# Caad 8 R5000



## Mr_Snips2 (Jun 26, 2006)

Okay guys. I'm curious what you guys think about my bike.:idea:...

The day i got the bike...









Now...









So, what do you think?


----------



## patchito (Jun 30, 2005)

Nice looking bike. Maybe it's me, or the angle of the cameral when the pic was taken, but the bike seems much too small for you. How tall are you and what is the bike size?


----------



## primalcarl (Oct 21, 2006)

Need to sort that rust on the wheel arches


----------



## spongebartstatepants (Apr 12, 2006)

plus 1 for the new stem. plus 2 for spending more on a bike than on a car. minus 1 for the saddle bag.


----------



## Oldteen (Sep 7, 2005)

Nice bike!!!!
I like that silver paint & there"s nothing wrong with a saddlebag!


----------



## Mr_Snips2 (Jun 26, 2006)

The bike is too small for me if you go by the books on it. But i couldnt get comfortable on the 56cm no matter what i did. We changed the stem, raised lowered the seat, etc. And the saddle bag is only so i dont have to call someone to pick me up when i flat 40 miles from home. I dont use it in races.


----------



## Mr_Snips2 (Jun 26, 2006)

Oldteen said:


> Nice bike!!!!
> I like that silver paint & there"s nothing wrong with a saddlebag!

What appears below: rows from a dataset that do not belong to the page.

(* Let $r\in\mathfrak{b}$ have pairwise distinct diagonal entries, let $b_{11},\dots,b_{nn}\in\mathbb{C}^*$ and $b=\sum_{\iota}E_{\iota\iota}\operatorname{diag}(b_{11},\dots,b_{nn})L^\iota(r)$. Then for every $s\in\mathfrak{b}^*$ and every $\iota$, $(bsb^{-1})_{\iota\iota}=\operatorname{tr}(L^\iota(r)s)$.
   Context: $\mathfrak{b}$: upper triangular complex $n\times n$ matrices; $\mathfrak{b}^*=\mathfrak{gl}_n/\mathfrak{n}^+$ with $\mathfrak{n}^+$ the strictly upper triangular matrices (diagonal entries of $bsb^{-1}$ and $\operatorname{tr}(L^\iota s)$ are well defined on this quotient since $b$ and $L^\iota$ are upper triangular). $E_{\iota\iota}$ is the matrix unit; $L^\iota(r)=\big[\operatorname{tr}\prod_{k\ne\iota}(r-r_{kk}I)\big]^{-1}\prod_{k\ne\iota}(r-r_{kk}I)$. The matrix $b$ is invertible upper triangular and satisfies $brb^{-1}=\operatorname{diag}(r)$. *)

From HB Require Import structures.
From mathcomp Require Import all_boot all_order all_algebra.
From mathcomp Require Import complex.
From mathcomp Require Import reals.
Set Implicit Arguments. Unset Strict Implicit. Unset Printing Implicit Defensive.
Import Order.TTheory GRing.Theory Num.Theory.
Local Open Scope ring_scope.

Section Defs.
Variable (F : fieldType) (n : nat).

Definition upper_mx (A : 'M[F]_n) : Prop :=
  forall i j : 'I_n, (j < i)%N -> A i j = 0.

Definition Lnum (r : 'M[F]_n) (iota : 'I_n) : 'M[F]_n :=
  \prod_(k < n | k != iota) (r - (r k k)%:M).

Definition Lmx (r : 'M[F]_n) (iota : 'I_n) : 'M[F]_n :=
  (\tr (Lnum r iota))^-1 *: Lnum r iota.

Definition bmx (r : 'M[F]_n) (d : 'rV[F]_n) : 'M[F]_n :=
  \sum_(iota < n) (delta_mx iota iota *m diag_mx d *m Lmx r iota).

End Defs.

(* With q_i = prod_{k <> i} (X - r_kk) we have L^i = q_i(r) / q_i(r_ii): the
   diagonal of the triangular q_i(r) is (q_i(r_jj))_j, which vanishes off i.
   By Cayley-Hamilton for the triangular r, (r - r_ii) L^i = 0 and L^i L^j = 0
   for i <> j.  The first identity puts every column of L^i in the kernel of
   r - r_ii, a line since the r_kk are distinct, so L^i = (column i) (row i).
   The second, with L^i_ii = 1, shows that column i of b^-1 is that of L^i
   divided by d_i, while row i of b is d_i times that of L^i.  Hence
   (b s b^-1)_ii = row_i(L^i) s col_i(L^i) = tr (L^i s). *)

From HB Require Import structures.
From mathcomp Require Import all_boot all_order all_algebra.
From mathcomp Require Import complex reals zify.
Import GRing.Theory.
Set Implicit Arguments. Unset Strict Implicit.
Local Open Scope ring_scope.

Lemma char_poly_trmx (R : comNzRingType) n (A : 'M[R]_n) :
  char_poly A^T = char_poly A.
Proof.
rewrite /char_poly -det_tr /char_poly_mx linearB /= tr_scalar_mx.
by rewrite -map_trmx trmxK.
Qed.

Lemma mxE_mul_row_col (R : nzRingType) m n p (A : 'M[R]_(m, n)) (B : 'M_(n, p)) i j :
  (A *m B) i j = (row i A *m col j B) 0 0.
Proof. by rewrite colE mulmxA -colE -row_mul !mxE. Qed.

Section UpperTriangular.
Variables (F : fieldType) (n : nat).
Implicit Types A B : 'M[F]_n.

Lemma upper_trig_mxT A : upper_mx A -> is_trig_mx A^T.
Proof. by move=> hA; apply/is_trig_mxP => i j lt_ij; rewrite mxE hA. Qed.

Lemma upper_mx_mul A B : upper_mx A -> upper_mx B -> upper_mx (A *m B).
Proof.
move=> hA hB i j lt_ji; rewrite mxE big1 // => k _.
have [lt_ki | le_ik] := ltnP k i; first by rewrite hA // mul0r.
by rewrite hB ?mulr0 // (leq_trans lt_ji).
Qed.

Lemma upper_mx_mul_diag A B : upper_mx A -> upper_mx B ->
  forall j, (A *m B) j j = A j j * B j j.
Proof.
move=> hA hB j; rewrite mxE (bigD1 j) //= big1 ?addr0 // => k nkj.
have [lt_kj | lt_jk | eq_kj] := ltngtP k j.
- by rewrite hA // mul0r.
- by rewrite hB // mulr0.
- by case/eqP: nkj; apply: val_inj.
Qed.

Lemma upper_mx_kernel A (i : 'I_n) (v : 'cV[F]_n) : upper_mx A ->
    (forall k, k != i -> A k k != 0) -> A *m v = 0 -> v i 0 = 0 -> v = 0.
Proof.
move=> hA hAkk hAv vi0.
have vk0 (k : 'I_n) : (forall m : 'I_n, (k < m)%N -> v m 0 = 0) -> v k 0 = 0.
  move=> vm0; have [-> // | nki] := eqVneq k i.
  have /eqP := congr1 (fun w : 'cV[F]_n => w k 0) hAv.
  rewrite !mxE (bigD1 k) //= big1 ?addr0 => [|m nmk].
    by rewrite mulf_eq0 (negbTE (hAkk k nki)) => /eqP.
  have [lt_mk | lt_km | eq_mk] := ltngtP m k.
  - by rewrite hA // mul0r.
  - by rewrite vm0 // mulr0.
  - by case/eqP: nmk; apply: val_inj.
suff vt0 t (k : 'I_n) : (n - t <= k)%N -> v k 0 = 0.
  by apply/matrixP => k j; rewrite ord1 mxE (vt0 n) ?subnn.
elim: t k => [|t IHt] k le_k; first by move: (ltn_ord k); lia.
by apply: vk0 => m lt_km; apply: IHt; lia.
Qed.

End UpperTriangular.

Section HornerUpper.
Variables (F : fieldType) (n : nat) (r : 'M[F]_n.+1).
Hypothesis r_upper : upper_mx r.

Lemma upper_mx_horner p : upper_mx (horner_mx r p).
Proof.
elim/poly_ind: p => [|p c IHp]; first by move=> i j _; rewrite rmorph0 mxE.
rewrite rmorphD rmorphM /= horner_mx_X horner_mx_C -mulmxE => i j lt_ji.
by rewrite mxE upper_mx_mul // mxE add0r -val_eqE /= gtn_eqF // mulr0n.
Qed.

Lemma horner_mx_upper_diag p j : horner_mx r p j j = p.[r j j].
Proof.
elim/poly_ind: p => [|p c IHp]; first by rewrite rmorph0 mxE horner0.
rewrite rmorphD rmorphM /= horner_mx_X horner_mx_C -mulmxE mxE.
by rewrite (upper_mx_mul_diag (upper_mx_horner p) r_upper) IHp mxE eqxx mulr1n !hornerE.
Qed.

Lemma Cayley_Hamilton_upper : horner_mx r (\prod_k ('X - (r k k)%:P)) = 0.
Proof.
have <- : char_poly r = \prod_k ('X - (r k k)%:P).
  rewrite -char_poly_trmx char_poly_trig ?upper_trig_mxT //.
  by apply: eq_bigr => k _; rewrite mxE.
exact: Cayley_Hamilton.
Qed.

End HornerUpper.

Section Lagrange.
Variables (F : fieldType) (n : nat) (r : 'M[F]_n.+1).

Definition Lpoly (i : 'I_n.+1) : {poly F} :=
  \prod_(k < n.+1 | k != i) ('X - (r k k)%:P).

Lemma Lnum_horner i : Lnum r i = horner_mx r (Lpoly i).
Proof.
rewrite /Lnum /Lpoly rmorph_prod; apply: eq_bigr => k _.
by rewrite rmorphB /= horner_mx_X horner_mx_C.
Qed.

Lemma Lpoly_root i j : j != i -> (Lpoly i).[r j j] = 0.
Proof. by move=> nji; rewrite horner_prod (bigD1 j) //= !hornerE subrr mul0r. Qed.

Lemma prod_XsubC_diag i : \prod_k ('X - (r k k)%:P) = ('X - (r i i)%:P) * Lpoly i.
Proof. by rewrite (bigD1 i). Qed.

Hypothesis r_upper : upper_mx r.
Hypothesis r_diag_uniq : forall k l : 'I_n.+1, k != l -> r k k != r l l.

Lemma Lpoly_diag_neq0 i : (Lpoly i).[r i i] != 0.
Proof.
rewrite horner_prod; apply/prodf_neq0 => k nki.
by rewrite !hornerE subr_eq0 r_diag_uniq // eq_sym.
Qed.

Lemma mxtrace_Lnum i : \tr (Lnum r i) = (Lpoly i).[r i i].
Proof.
rewrite /mxtrace (bigD1 i) //= big1 ?addr0 => [|j nji];
  rewrite Lnum_horner (horner_mx_upper_diag r_upper) //.
exact: Lpoly_root.
Qed.

Lemma Lmx_horner i : Lmx r i = ((Lpoly i).[r i i])^-1 *: horner_mx r (Lpoly i).
Proof. by rewrite /Lmx mxtrace_Lnum Lnum_horner. Qed.

Lemma upper_Lmx i : upper_mx (Lmx r i).
Proof. by move=> k j lt_jk; rewrite Lmx_horner mxE (upper_mx_horner r_upper) ?mulr0. Qed.

Lemma Lmx_diag i : Lmx r i i i = 1.
Proof.
by rewrite Lmx_horner mxE (horner_mx_upper_diag r_upper) mulVf ?Lpoly_diag_neq0.
Qed.

Lemma Lmx_annihilated i : (r - (r i i)%:M) *m Lmx r i = 0.
Proof.
have -> : r - (r i i)%:M = horner_mx r ('X - (r i i)%:P).
  by rewrite rmorphB /= horner_mx_X horner_mx_C.
rewrite Lmx_horner -scalemxAr mulmxE -rmorphM /= -prod_XsubC_diag.
by rewrite (Cayley_Hamilton_upper r_upper) scaler0.
Qed.

Lemma Lmx_orthogonal i j : j != i -> Lmx r i *m Lmx r j = 0.
Proof.
move=> nji; rewrite !Lmx_horner -scalemxAr -scalemxAl mulmxE -rmorphM /=.
rewrite [X in X * Lpoly j]/Lpoly (bigD1 j) //= mulrAC -prod_XsubC_diag.
by rewrite rmorphM /= (Cayley_Hamilton_upper r_upper) mul0r !scaler0.
Qed.

(* Every column of L^i lies in the kernel of r - r_ii, which is a line since
   the diagonal entries are distinct; normalising by L^i_ii = 1 gives rank one. *)
Lemma Lmx_rank1 i : Lmx r i = col i (Lmx r i) *m row i (Lmx r i).
Proof.
move: (Lmx r i) (Lmx_diag i) (Lmx_annihilated i) => L Lii annihL.
have col_ker j : col j L - L i j *: col i L = 0.
  apply: (upper_mx_kernel (A := r - (r i i)%:M) (i := i)).
  - by move=> a b lt_ba; rewrite !mxE -val_eqE /= gtn_eqF // mulr0n subr0 r_upper.
  - by move=> a nai; rewrite !mxE eqxx mulr1n subr_eq0 r_diag_uniq.
  - by rewrite mulmxBr -scalemxAr !colE !mulmxA annihL !mul0mx scaler0 subrr.
  - by rewrite !mxE Lii mulr1 subrr.
apply/matrixP => k j; rewrite !mxE big_ord1 !mxE.
by move/matrixP/(_ k 0): (col_ker j); rewrite !mxE => /eqP; rewrite subr_eq0 mulrC => /eqP.
Qed.

End Lagrange.

Section Conjugation.
Variables (F : fieldType) (n : nat) (r : 'M[F]_n.+1) (d : 'rV[F]_n.+1).

Lemma row_delta_mul m (M : 'M[F]_(n.+1, m)) i k :
  row i (delta_mx k k *m M) = row k M *+ (i == k).
Proof. by rewrite !rowE mulmxA mul_delta_mx_cond; case: (i == k); rewrite ?mul0mx. Qed.

Lemma row_bmx i : row i (bmx r d) = d 0 i *: row i (Lmx r i).
Proof.
rewrite linear_sum (bigD1 i) //= big1 ?addr0 => [|k nki]; rewrite -mulmxA row_delta_mul.
  by apply/rowP => c; rewrite eqxx mul_diag_mx !mxE.
by rewrite eq_sym (negbTE nki).
Qed.

Definition bmx_inv : 'M[F]_n.+1 := \matrix_(a, c) (Lmx r c a c / d 0 c).

Lemma col_bmx_inv c : col c bmx_inv = (d 0 c)^-1 *: col c (Lmx r c).
Proof. by apply/colP => a; rewrite !mxE mulrC. Qed.

Hypothesis r_upper : upper_mx r.
Hypothesis r_diag_uniq : forall k l : 'I_n.+1, k != l -> r k k != r l l.
Hypothesis d_neq0 : forall k, d 0 k != 0.

Lemma mulmx_bmx_inv : bmx r d *m bmx_inv = 1%:M.
Proof.
apply/matrixP => a c.
rewrite mxE_mul_row_col row_bmx col_bmx_inv -scalemxAl -scalemxAr.
rewrite 2!mxE -mxE_mul_row_col; have [<- | nac] := eqVneq a c.
  have La_upper := upper_Lmx r_upper a.
  rewrite (upper_mx_mul_diag La_upper La_upper) (Lmx_diag r_upper r_diag_uniq).
  by rewrite !mulr1 mulfV ?d_neq0 // mxE eqxx.
by rewrite Lmx_orthogonal 1?eq_sym // !mxE (negbTE nac) !mulr0.
Qed.

Lemma invmx_bmx : invmx (bmx r d) = bmx_inv.
Proof.
have [b_unit _] := mulmx1_unit mulmx_bmx_inv.
by rewrite -[LHS]mulmx1 -mulmx_bmx_inv mulmxA mulVmx // mul1mx.
Qed.

Lemma bmx_conj_diag s i :
  (bmx r d *m s *m invmx (bmx r d)) i i = \tr (Lmx r i *m s).
Proof.
have -> : \tr (Lmx r i *m s) = (row i (Lmx r i) *m s *m col i (Lmx r i)) 0 0.
  by rewrite {1}(Lmx_rank1 r_upper r_diag_uniq i) -mulmxA mxtrace_mulC trace_mx11.
rewrite invmx_bmx mxE_mul_row_col row_mul row_bmx col_bmx_inv.
by rewrite -scalemxAr -!scalemxAl 2!mxE mulKf ?d_neq0.
Qed.

End Conjugation.

Local Open Scope complex_scope.

Theorem mainTheorem17 (R : realType) (n : nat) (r : 'M[R[i]]_n) (d : 'rV[R[i]]_n) :
  upper_mx r ->
  (forall k l : 'I_n, k != l -> r k k != r l l) ->
  (forall k : 'I_n, d 0 k != 0) ->
  forall (s : 'M[R[i]]_n) (iota : 'I_n),
    (bmx r d *m s *m invmx (bmx r d)) iota iota = \tr (Lmx r iota *m s).
Proof.
case: n r d => [|n] r d r_upper r_diag_uniq d_neq0 s iota; first by case: iota.
exact: bmx_conj_diag.
Qed.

What silver paint??? thats what naked aluminum looks like.


----------



## Oldteen (Sep 7, 2005)

My bad!

I thought they gave all CAAD 8's the paint/clearcoat process.


----------



## toyota (Sep 4, 2006)

Oldteen said:


> My bad!
> 
> I thought they gave all CAAD 8's the paint/clearcoat process.


 His is raw aluminum with clearcoat.


----------



## Mr_Snips2 (Jun 26, 2006)

Yup...toyota has it right. IT looks better than the blue in my opinion.


----------